● **WHAT THE EXERCISE ASKS**:
Every record that follows must be returned word for word.

Saved data entries
────────────────────
(* Let $m\in\mathbb{N}$ and let $f\in C^m_{\mathrm{pol}}(\mathbb{R})$ be increasing, with $|f^{(n)}(x)|\lesssim1+|x|^p$ for all $n=0,1,\dots,m$. For $\lambda>0$ let $J_\lambda:=(I+\lambda f)^{-1}$ and $f_\lambda:=\lambda^{-1}(I-J_\lambda)$. Then: (i) $f_\lambda$ and $J_\lambda$ belong to $C^m(\mathbb{R})$; (ii) for $\lambda\le1$ there exists $q\in\mathbb{N}$, independent of $\lambda$, such that $|f^{(n)}_\lambda(x)|\lesssim1+|x|^q$ for all $n=0,1,\dots,m$ (with implicit constant independent of $\lambda$); (iii) $f^{(n)}_\lambda\to f^{(n)}$ pointwise as $\lambda\to0$, for $n=0,1,\dots,m$.
   Context: $f_\lambda$ is the Yosida approximation of the increasing function $f$ and $J_\lambda$ its resolvent. $C^m_{\mathrm{pol}}(\mathbb{R})$ is the space of $\phi\in C^m(\mathbb{R})$ with $\phi,\phi',\dots,\phi^{(m)}$ of polynomial growth. *)

From Stdlib Require Import Reals ClassicalEpsilon.
From Coquelicot Require Import Coquelicot.
Open Scope R_scope.

(* g is of class C^m on R: the iterated derivatives Derive_n g k exist
   everywhere for k < m (so Derive_n g (k+1) is the genuine derivative of
   Derive_n g k) and the m-th derivative is continuous. *)
Definition Cm (m : nat) (g : R -> R) : Prop :=
  (forall (k : nat) (x : R), (k < m)%nat -> ex_derive (Derive_n g k) x) /\
  (forall x : R, continuous (Derive_n g m) x).

Definition nondecreasing (f : R -> R) : Prop := forall x y, x <= y -> f x <= f y.

(* Resolvent J_lam = (I + lam f)^{-1}: J_lam y is the (unique, for f continuous
   non-decreasing and lam > 0) solution x of x + lam * f x = y. *)
Definition resolvent (f : R -> R) (lam : R) (y : R) : R :=
  epsilon (inhabits 0) (fun x => x + lam * f x = y).

Definition yosida (f : R -> R) (lam : R) (y : R) : R :=
  (y - resolvent f lam y) / lam.

(* J = resolvent f lam inverts t |-> t + lam f t, so J' = W o J with
   W y = 1 / (1 + lam f'(y)), and 0 < W <= 1 since f' >= 0.  By the chain rule every
   derivative of J and of yosida f lam = f o J is then a polynomial in lam, J, W o J and the
   f^(i) o J, i <= n.  Such an expression is continuous in (lam, J x), which gives the C^m
   regularity and, because J x -> x and W -> 1 as lam -> 0, the pointwise limits; and it has
   polynomial growth uniformly in lam <= 1, because |J x| <= |x| + |f 0|, |W| <= 1 and the
   f^(i) grow polynomially. *)

From Stdlib Require Import Reals Lra Lia ClassicalEpsilon Ranalysis5.
From Coquelicot Require Import Coquelicot.
Open Scope R_scope.

Lemma is_derive_eq (g : R -> R) x l l' : is_derive g x l -> l = l' -> is_derive g x l'.
Proof. now intros H <-. Qed.

Lemma is_derive_Rconst (a x : R) : is_derive (fun _ : R => a) x 0.
Proof. exact (is_derive_const (K:=R_AbsRing) (V:=R_NormedModule) a x). Qed.

Lemma is_derive_Rid (x : R) : is_derive (fun t : R => t) x 1.
Proof. exact (is_derive_id (K:=R_AbsRing) x). Qed.

Lemma is_derive_Rplus (g h : R -> R) x a b :
  is_derive g x a -> is_derive h x b -> is_derive (fun t => g t + h t) x (a + b).
Proof. intros; apply (is_derive_plus (K:=R_AbsRing) (V:=R_NormedModule)); auto. Qed.

Lemma is_derive_Rmult (g h : R -> R) x a b :
  is_derive g x a -> is_derive h x b ->
  is_derive (fun t => g t * h t) x (a * h x + g x * b).
Proof. intros; apply (is_derive_mult (K:=R_AbsRing)); auto. intros; apply Rmult_comm. Qed.

Section RealLimits.
Context {T : Type} {F : (T -> Prop) -> Prop} {FF : Filter F}.

Lemma filterlim_Rplus (a b : T -> R) x y :
  filterlim a F (locally x) -> filterlim b F (locally y) ->
  filterlim (fun t => a t + b t) F (locally (x + y)).
Proof.
  intros; eapply filterlim_comp_2; eauto.
  apply (filterlim_plus (K:=R_AbsRing) (V:=R_NormedModule)).
Qed.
────────────────────
● **RESPONSE TO THE TASK**:
(* Let $m\in\mathbb{N}$ and let $f\in C^m_{\mathrm{pol}}(\mathbb{R})$ be increasing, with $|f^{(n)}(x)|\lesssim1+|x|^p$ for all $n=0,1,\dots,m$. For $\lambda>0$ let $J_\lambda:=(I+\lambda f)^{-1}$ and $f_\lambda:=\lambda^{-1}(I-J_\lambda)$. Then: (i) $f_\lambda$ and $J_\lambda$ belong to $C^m(\mathbb{R})$; (ii) for $\lambda\le1$ there exists $q\in\mathbb{N}$, independent of $\lambda$, such that $|f^{(n)}_\lambda(x)|\lesssim1+|x|^q$ for all $n=0,1,\dots,m$ (with implicit constant independent of $\lambda$); (iii) $f^{(n)}_\lambda\to f^{(n)}$ pointwise as $\lambda\to0$, for $n=0,1,\dots,m$.
   Context: $f_\lambda$ is the Yosida approximation of the increasing function $f$ and $J_\lambda$ its resolvent. $C^m_{\mathrm{pol}}(\mathbb{R})$ is the space of $\phi\in C^m(\mathbb{R})$ with $\phi,\phi',\dots,\phi^{(m)}$ of polynomial growth. *)

From Stdlib Require Import Reals ClassicalEpsilon.
From Coquelicot Require Import Coquelicot.
Open Scope R_scope.

(* g is of class C^m on R: the iterated derivatives Derive_n g k exist
   everywhere for k < m (so Derive_n g (k+1) is the genuine derivative of
   Derive_n g k) and the m-th derivative is continuous. *)
Definition Cm (m : nat) (g : R -> R) : Prop :=
  (forall (k : nat) (x : R), (k < m)%nat -> ex_derive (Derive_n g k) x) /\
  (forall x : R, continuous (Derive_n g m) x).

Definition nondecreasing (f : R -> R) : Prop := forall x y, x <= y -> f x <= f y.

(* Resolvent J_lam = (I + lam f)^{-1}: J_lam y is the (unique, for f continuous
   non-decreasing and lam > 0) solution x of x + lam * f x = y. *)
Definition resolvent (f : R -> R) (lam : R) (y : R) : R :=
  epsilon (inhabits 0) (fun x => x + lam * f x = y).

Definition yosida (f : R -> R) (lam : R) (y : R) : R :=
  (y - resolvent f lam y) / lam.

(* J = resolvent f lam inverts t |-> t + lam f t, so J' = W o J with
   W y = 1 / (1 + lam f'(y)), and 0 < W <= 1 since f' >= 0.  By the chain rule every
   derivative of J and of yosida f lam = f o J is then a polynomial in lam, J, W o J and the
   f^(i) o J, i <= n.  Such an expression is continuous in (lam, J x), which gives the C^m
   regularity and, because J x -> x and W -> 1 as lam -> 0, the pointwise limits; and it has
   polynomial growth uniformly in lam <= 1, because |J x| <= |x| + |f 0|, |W| <= 1 and the
   f^(i) grow polynomially. *)

From Stdlib Require Import Reals Lra Lia ClassicalEpsilon Ranalysis5.
From Coquelicot Require Import Coquelicot.
Open Scope R_scope.

Lemma is_derive_eq (g : R -> R) x l l' : is_derive g x l -> l = l' -> is_derive g x l'.
Proof. now intros H <-. Qed.

Lemma is_derive_Rconst (a x : R) : is_derive (fun _ : R => a) x 0.
Proof. exact (is_derive_const (K:=R_AbsRing) (V:=R_NormedModule) a x). Qed.

Lemma is_derive_Rid (x : R) : is_derive (fun t : R => t) x 1.
Proof. exact (is_derive_id (K:=R_AbsRing) x). Qed.

Lemma is_derive_Rplus (g h : R -> R) x a b :
  is_derive g x a -> is_derive h x b -> is_derive (fun t => g t + h t) x (a + b).
Proof. intros; apply (is_derive_plus (K:=R_AbsRing) (V:=R_NormedModule)); auto. Qed.

Lemma is_derive_Rmult (g h : R -> R) x a b :
  is_derive g x a -> is_derive h x b ->
  is_derive (fun t => g t * h t) x (a * h x + g x * b).
Proof. intros; apply (is_derive_mult (K:=R_AbsRing)); auto. intros; apply Rmult_comm. Qed.

Section RealLimits.
Context {T : Type} {F : (T -> Prop) -> Prop} {FF : Filter F}.

Lemma filterlim_Rplus (a b : T -> R) x y :
  filterlim a F (locally x) -> filterlim b F (locally y) ->
  filterlim (fun t => a t + b t) F (locally (x + y)).
Proof.
  intros; eapply filterlim_comp_2; eauto.
  apply (filterlim_plus (K:=R_AbsRing) (V:=R_NormedModule)).
Qed.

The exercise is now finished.